GIVEN RECORDS:
--*--
(* Let $\mathcal C$ be a Markov category with conditionals and precise supports, $X$ an object and $o:I\to X$ a deterministic state. Then, as morphisms $X\leadsto X$ of $\mathrm{Obs}(\mathcal C)$, \[(X,\mathrm{copy}_X,o)\approx(X,o\otimes\mathrm{id}_X,o),\] where in both triples the second tensor factor of the codomain $X\otimes X$ is the condition object (and $o\otimes\mathrm{id}_X:X\cong I\otimes X\to X\otimes X$). In programming notation: $(x:= o);x\approx(x:=o);o$.
   Context: A Markov category is a symmetric monoidal category $(\mathcal C,\otimes,I)$ (assumed strict) in which every object $X$ carries a commutative comonoid $\mathrm{copy}_X$, $\mathrm{del}_X$ compatible with $\otimes$, and $I$ is terminal. A morphism $f$ is deterministic if $\mathrm{copy}_Y f=(f\otimes f)\mathrm{copy}_X$. $\langle f,g\rangle=(f\otimes g)\mathrm{copy}_A$; marginals $f_X=(\mathrm{id}_X\otimes\mathrm{del}_Y)f$, $f_Y=(\mathrm{del}_X\otimes\mathrm{id}_Y)f$. A conditional of $f:A\to X\otimes Y$ w.r.t. $X$ is $f|_X:X\otimes A\to Y$ with $f=(\mathrm{id}_X\otimes f|_X)(\mathrm{copy}_X\otimes\mathrm{id}_A)(f_X\otimes\mathrm{id}_A)\mathrm{copy}_A$ (symmetrically w.r.t. $Y$); $\mathcal C$ has conditionals if these always exist. $f=_\mu g$ means $\langle\mathrm{id},f\rangle\mu=\langle\mathrm{id},g\rangle\mu$; $\mu\ll\nu$ means $f=_\nu g\Rightarrow f=_\mu g$ for all $f,g$. Precise supports: for deterministic $x:I\to X$, $y:I\to Y$, any $f:X\to Y$, $\mu:I\to X$: $x\otimes y\ll\langle\mathrm{id}_X,f\rangle\mu$ iff ($x\ll\mu$ and $y\ll fx$). $\mathrm{Obs}(\mathcal C)$: same objects as $\mathcal C$; morphisms $X\leadsto Y$ are triples $(K,f,o)$, $f:X\to Y\otimes K$, $o:I\to K$ deterministic; composition $(K',f',o')\bullet(K,f,o)=(K'\otimes K,(f'\otimes\mathrm{id}_K)f,o'\otimes o)$; tensor of $(K,f,o):X\leadsto Y$, $(K',f',o'):X'\leadsto Y'$ is $(K'\otimes K,(\mathrm{id}_{Y'}\otimes\mathrm{swap}_{K',Y}\otimes\mathrm{id}_K)(f'\otimes f),o'\otimes o)$. For states $(K,\psi,o),(K',\psi',o'):I\leadsto X$, $(K,\psi,o)\sim(K',\psi',o')$ iff either ($o\ll\psi_K$, $o'\ll\psi'_{K'}$ and $\psi|_Ko=\psi'|_{K'}o'$, where $\psi|_K:K\to X$ is a conditional w.r.t. $K$) or ($o\not\ll\psi_K$ and $o'\not\ll\psi'_{K'}$). For $F,G:X\leadsto Y$, $F\approx G$ iff for every object $A$ and every state $\Psi:I\leadsto A\otimes X$, $(\mathrm{Id}_A\otimes F)\bullet\Psi\sim(\mathrm{Id}_A\otimes G)\bullet\Psi$. The conditioning effect $(:=o):X\leadsto I$ is $(X,\mathrm{id}_X,o)$. *)

Set Implicit Arguments.

Record SMC : Type := {
  Ob : Type;
  Hom : Ob -> Ob -> Type;
  idm : forall A, Hom A A;
  comp : forall {A B C}, Hom B C -> Hom A B -> Hom A C;
  comp_idl : forall A B (f : Hom A B), comp (idm B) f = f;
  comp_idr : forall A B (f : Hom A B), comp f (idm A) = f;
  comp_assoc : forall A B C D (f : Hom A B) (g : Hom B C) (h : Hom C D),
      comp h (comp g f) = comp (comp h g) f;

  unit : Ob;
  ot : Ob -> Ob -> Ob;
  tens : forall {A B C D}, Hom A B -> Hom C D -> Hom (ot A C) (ot B D);
  tens_id : forall A B, tens (idm A) (idm B) = idm (ot A B);
  tens_comp : forall A B C A' B' C' (f : Hom A B) (g : Hom B C)
      (f' : Hom A' B') (g' : Hom B' C'),
      tens (comp g f) (comp g' f') = comp (tens g g') (tens f f');

  assoc : forall A B C, Hom (ot (ot A B) C) (ot A (ot B C));
  assoc_inv : forall A B C, Hom (ot A (ot B C)) (ot (ot A B) C);
  assoc_iso1 : forall A B C, comp (assoc A B C) (assoc_inv A B C) = idm _;
  assoc_iso2 : forall A B C, comp (assoc_inv A B C) (assoc A B C) = idm _;
  assoc_nat : forall A A' B B' C C' (f : Hom A A') (g : Hom B B') (h : Hom C C'),
      comp (assoc A' B' C') (tens (tens f g) h)
      = comp (tens f (tens g h)) (assoc A B C);

  lunit : forall A, Hom (ot unit A) A;
  lunit_inv : forall A, Hom A (ot unit A);
  lunit_iso1 : forall A, comp (lunit A) (lunit_inv A) = idm A;
  lunit_iso2 : forall A, comp (lunit_inv A) (lunit A) = idm _;
  lunit_nat : forall A B (f : Hom A B),
      comp (lunit B) (tens (idm unit) f) = comp f (lunit A);

  runit : forall A, Hom (ot A unit) A;
  runit_inv : forall A, Hom A (ot A unit);
  runit_iso1 : forall A, comp (runit A) (runit_inv A) = idm A;
  runit_iso2 : forall A, comp (runit_inv A) (runit A) = idm _;
  runit_nat : forall A B (f : Hom A B),
      comp (runit B) (tens f (idm unit)) = comp f (runit A);

  swap : forall A B, Hom (ot A B) (ot B A);
  swap_invol : forall A B, comp (swap B A) (swap A B) = idm _;
  swap_nat : forall A A' B B' (f : Hom A A') (g : Hom B B'),
      comp (swap A' B') (tens f g) = comp (tens g f) (swap A B);

  pentagon : forall A B C D,
      comp (assoc A B (ot C D)) (assoc (ot A B) C D)
      = comp (tens (idm A) (assoc B C D))
             (comp (assoc A (ot B C) D) (tens (assoc A B C) (idm D)));
  triangle : forall A B,
      comp (tens (idm A) (lunit B)) (assoc A unit B) = tens (runit A) (idm B);
  hexagon : forall A B C,
      comp (assoc B C A) (comp (swap A (ot B C)) (assoc A B C))
      = comp (tens (idm B) (swap A C))
             (comp (assoc B A C) (tens (swap A B) (idm C)))
}.

Arguments Hom {s} _ _.
Arguments idm {s} A.
Arguments comp {s A B C} _ _.
Arguments unit {s}.
Arguments ot {s} _ _.
Arguments tens {s A B C D} _ _.
Arguments assoc {s} A B C.
Arguments assoc_inv {s} A B C.
Arguments lunit {s} A.
Arguments lunit_inv {s} A.
Arguments runit {s} A.
Arguments runit_inv {s} A.
Arguments swap {s} A B.

Declare Scope mc_scope.
Delimit Scope mc_scope with mc.
Open Scope mc_scope.
Notation "g ∘ f" := (comp g f) (at level 40, left associativity) : mc_scope.
Notation "A ⊗ B" := (ot A B) (at level 35, right associativity) : mc_scope.
Notation "f ⊗⊗ g" := (tens f g) (at level 35, right associativity) : mc_scope.

Definition mid4 (C : SMC) (A B X D : Ob C) : Hom ((A ⊗ B) ⊗ (X ⊗ D)) ((A ⊗ X) ⊗ (B ⊗ D)) :=
  assoc_inv A X (B ⊗ D)
  ∘ (idm A ⊗⊗ assoc X B D)
  ∘ (idm A ⊗⊗ (swap B X ⊗⊗ idm D))
  ∘ (idm A ⊗⊗ assoc_inv B X D)
  ∘ assoc A B (X ⊗ D).

Arguments mid4 {C} A B X D.

Record MarkovCat : Type := {
  msmc :> SMC;
  copy : forall A : Ob msmc, Hom A (A ⊗ A);
  del : forall A : Ob msmc, Hom A unit;
  copy_counit_l : forall A, lunit A ∘ (del A ⊗⊗ idm A) ∘ copy A = idm A;
  copy_counit_r : forall A, runit A ∘ (idm A ⊗⊗ del A) ∘ copy A = idm A;
  copy_coassoc : forall A,
      assoc A A A ∘ (copy A ⊗⊗ idm A) ∘ copy A = (idm A ⊗⊗ copy A) ∘ copy A;
  copy_comm : forall A, swap A A ∘ copy A = copy A;
  copy_tensor : forall A B,
      copy (A ⊗ B) = mid4 A A B B ∘ (copy A ⊗⊗ copy B);
  del_tensor : forall A B, del (A ⊗ B) = lunit unit ∘ (del A ⊗⊗ del B);
  copy_unit : copy unit = lunit_inv unit;
  del_unit : del unit = idm unit;
  unit_terminal : forall A (f : Hom A unit), f = del A
}.

Arguments copy {m} A.
Arguments del {m} A.

Section MarkovDefs.
Context {C : MarkovCat}.

Definition deterministic {X Y : Ob C} (f : Hom X Y) : Prop :=
  copy Y ∘ f = (f ⊗⊗ f) ∘ copy X.

Definition pairing {A X Y : Ob C} (f : Hom A X) (g : Hom A Y) : Hom A (X ⊗ Y) :=
  (f ⊗⊗ g) ∘ copy A.

Definition marg1 {A X Y : Ob C} (f : Hom A (X ⊗ Y)) : Hom A X :=
  runit X ∘ (idm X ⊗⊗ del Y) ∘ f.
Definition marg2 {A X Y : Ob C} (f : Hom A (X ⊗ Y)) : Hom A Y :=
  lunit Y ∘ (del X ⊗⊗ idm Y) ∘ f.

(* g : X ⊗ A -> Y is a conditional of f : A -> X ⊗ Y w.r.t. X *)
Definition is_cond1 {A X Y : Ob C} (f : Hom A (X ⊗ Y)) (g : Hom (X ⊗ A) Y) : Prop :=
  f = (idm X ⊗⊗ g) ∘ assoc X X A ∘ (copy X ⊗⊗ idm A)
      ∘ (marg1 f ⊗⊗ idm A) ∘ copy A.

(* g : Y ⊗ A -> X is a conditional of f : A -> X ⊗ Y w.r.t. Y *)
Definition is_cond2 {A X Y : Ob C} (f : Hom A (X ⊗ Y)) (g : Hom (Y ⊗ A) X) : Prop :=
  f = (g ⊗⊗ idm Y) ∘ swap Y (Y ⊗ A) ∘ assoc Y Y A ∘ (copy Y ⊗⊗ idm A)
      ∘ (marg2 f ⊗⊗ idm A) ∘ copy A.

Definition has_conditionals : Prop :=
  forall (A X Y : Ob C) (f : Hom A (X ⊗ Y)),
    (exists g, is_cond1 f g) /\ (exists g, is_cond2 f g).

Definition as_eq {X Y : Ob C} (mu : Hom unit X) (f g : Hom X Y) : Prop :=
  pairing (idm X) f ∘ mu = pairing (idm X) g ∘ mu.

Definition abs_cont {X : Ob C} (mu nu : Hom unit X) : Prop :=
  forall (Y : Ob C) (f g : Hom X Y), as_eq nu f g -> as_eq mu f g.

Definition tens_st {X Y : Ob C} (x : Hom unit X) (y : Hom unit Y) : Hom unit (X ⊗ Y) :=
  (x ⊗⊗ y) ∘ lunit_inv unit.

Definition precise_supports : Prop :=
  forall (X Y : Ob C) (x : Hom unit X) (y : Hom unit Y) (f : Hom X Y) (mu : Hom unit X),
    deterministic x -> deterministic y ->
    (abs_cont (tens_st x y) (pairing (idm X) f ∘ mu)
     <-> (abs_cont x mu /\ abs_cont y (f ∘ x))).

(* A morphism X ~> Y of Obs(C): (K, f : X -> Y ⊗ K, o : I -> K).
   Determinism of o is imposed separately where needed. *)
Record ObsHom (X Y : Ob C) : Type := mkObs {
  obsK : Ob C;
  obsF : Hom X (Y ⊗ obsK);
  obsO : Hom unit obsK
}.

Arguments mkObs {X Y} _ _ _.

Definition obs_comp {X Y Z : Ob C} (G : ObsHom Y Z) (F : ObsHom X Y) : ObsHom X Z :=
  mkObs (obsK G ⊗ obsK F)
        (assoc Z (obsK G) (obsK F) ∘ (obsF G ⊗⊗ idm (obsK F)) ∘ obsF F)
        (tens_st (obsO G) (obsO F)).

Definition obs_tens {X' Y' X Y : Ob C} (F' : ObsHom X' Y') (F : ObsHom X Y)
  : ObsHom (X' ⊗ X) (Y' ⊗ Y) :=
  mkObs (obsK F' ⊗ obsK F)
        (mid4 Y' (obsK F') Y (obsK F) ∘ (obsF F' ⊗⊗ obsF F))
        (tens_st (obsO F') (obsO F)).

Definition obs_id (A : Ob C) : ObsHom A A :=
  mkObs unit (runit_inv A) (idm unit).

(* equivalence of states (K,psi,o) ~ (K',psi',o') : I ~> X.
   psi|_K : K ⊗ I -> X is a conditional w.r.t. K; "psi|_K o" is
   psi|_K ∘ ρ^{-1}_K ∘ o. *)
Definition state_equiv {X : Ob C} (P Q : ObsHom unit X) : Prop :=
  (abs_cont (obsO P) (marg2 (obsF P)) /\ abs_cont (obsO Q) (marg2 (obsF Q)) /\
   forall (cP : Hom (obsK P ⊗ unit) X) (cQ : Hom (obsK Q ⊗ unit) X),
     is_cond2 (obsF P) cP -> is_cond2 (obsF Q) cQ ->
     cP ∘ runit_inv (obsK P) ∘ obsO P = cQ ∘ runit_inv (obsK Q) ∘ obsO Q)
  \/
  (~ abs_cont (obsO P) (marg2 (obsF P)) /\ ~ abs_cont (obsO Q) (marg2 (obsF Q))).

(* observational equivalence F ≈ G of morphisms X ~> Y of Obs(C):
   states Psi of Obs(C) have a deterministic observation o. *)
Definition obs_equiv {X Y : Ob C} (F G : ObsHom X Y) : Prop :=
  forall (A : Ob C) (Psi : ObsHom unit (A ⊗ X)),
    deterministic (obsO Psi) ->
    state_equiv (obs_comp (obs_tens (obs_id A) F) Psi)
                (obs_comp (obs_tens (obs_id A) G) Psi).

End MarkovDefs.


Arguments has_conditionals C : clear implicits.
Arguments precise_supports C : clear implicits.
Arguments mkObs {C X Y} _ _ _.

From Stdlib Require Import Classical Setoid.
--*--
YOUR OBJECTIVE: Given the records above, restate word for word only the lines starting at the one with "Hom unit X) (f" and ending at the one with "Y') (F : ObsHom X Y)".

TASK RESULT:
Definition as_eq {X Y : Ob C} (mu : Hom unit X) (f g : Hom X Y) : Prop :=
  pairing (idm X) f ∘ mu = pairing (idm X) g ∘ mu.

Definition abs_cont {X : Ob C} (mu nu : Hom unit X) : Prop :=
  forall (Y : Ob C) (f g : Hom X Y), as_eq nu f g -> as_eq mu f g.

Definition tens_st {X Y : Ob C} (x : Hom unit X) (y : Hom unit Y) : Hom unit (X ⊗ Y) :=
  (x ⊗⊗ y) ∘ lunit_inv unit.

Definition precise_supports : Prop :=
  forall (X Y : Ob C) (x : Hom unit X) (y : Hom unit Y) (f : Hom X Y) (mu : Hom unit X),
    deterministic x -> deterministic y ->
    (abs_cont (tens_st x y) (pairing (idm X) f ∘ mu)
     <-> (abs_cont x mu /\ abs_cont y (f ∘ x))).

(* A morphism X ~> Y of Obs(C): (K, f : X -> Y ⊗ K, o : I -> K).
   Determinism of o is imposed separately where needed. *)
Record ObsHom (X Y : Ob C) : Type := mkObs {
  obsK : Ob C;
  obsF : Hom X (Y ⊗ obsK);
  obsO : Hom unit obsK
}.

Arguments mkObs {X Y} _ _ _.

Definition obs_comp {X Y Z : Ob C} (G : ObsHom Y Z) (F : ObsHom X Y) : ObsHom X Z :=
  mkObs (obsK G ⊗ obsK F)
        (assoc Z (obsK G) (obsK F) ∘ (obsF G ⊗⊗ idm (obsK F)) ∘ obsF F)
        (tens_st (obsO G) (obsO F)).

Definition obs_tens {X' Y' X Y : Ob C} (F' : ObsHom X' Y') (F : ObsHom X Y)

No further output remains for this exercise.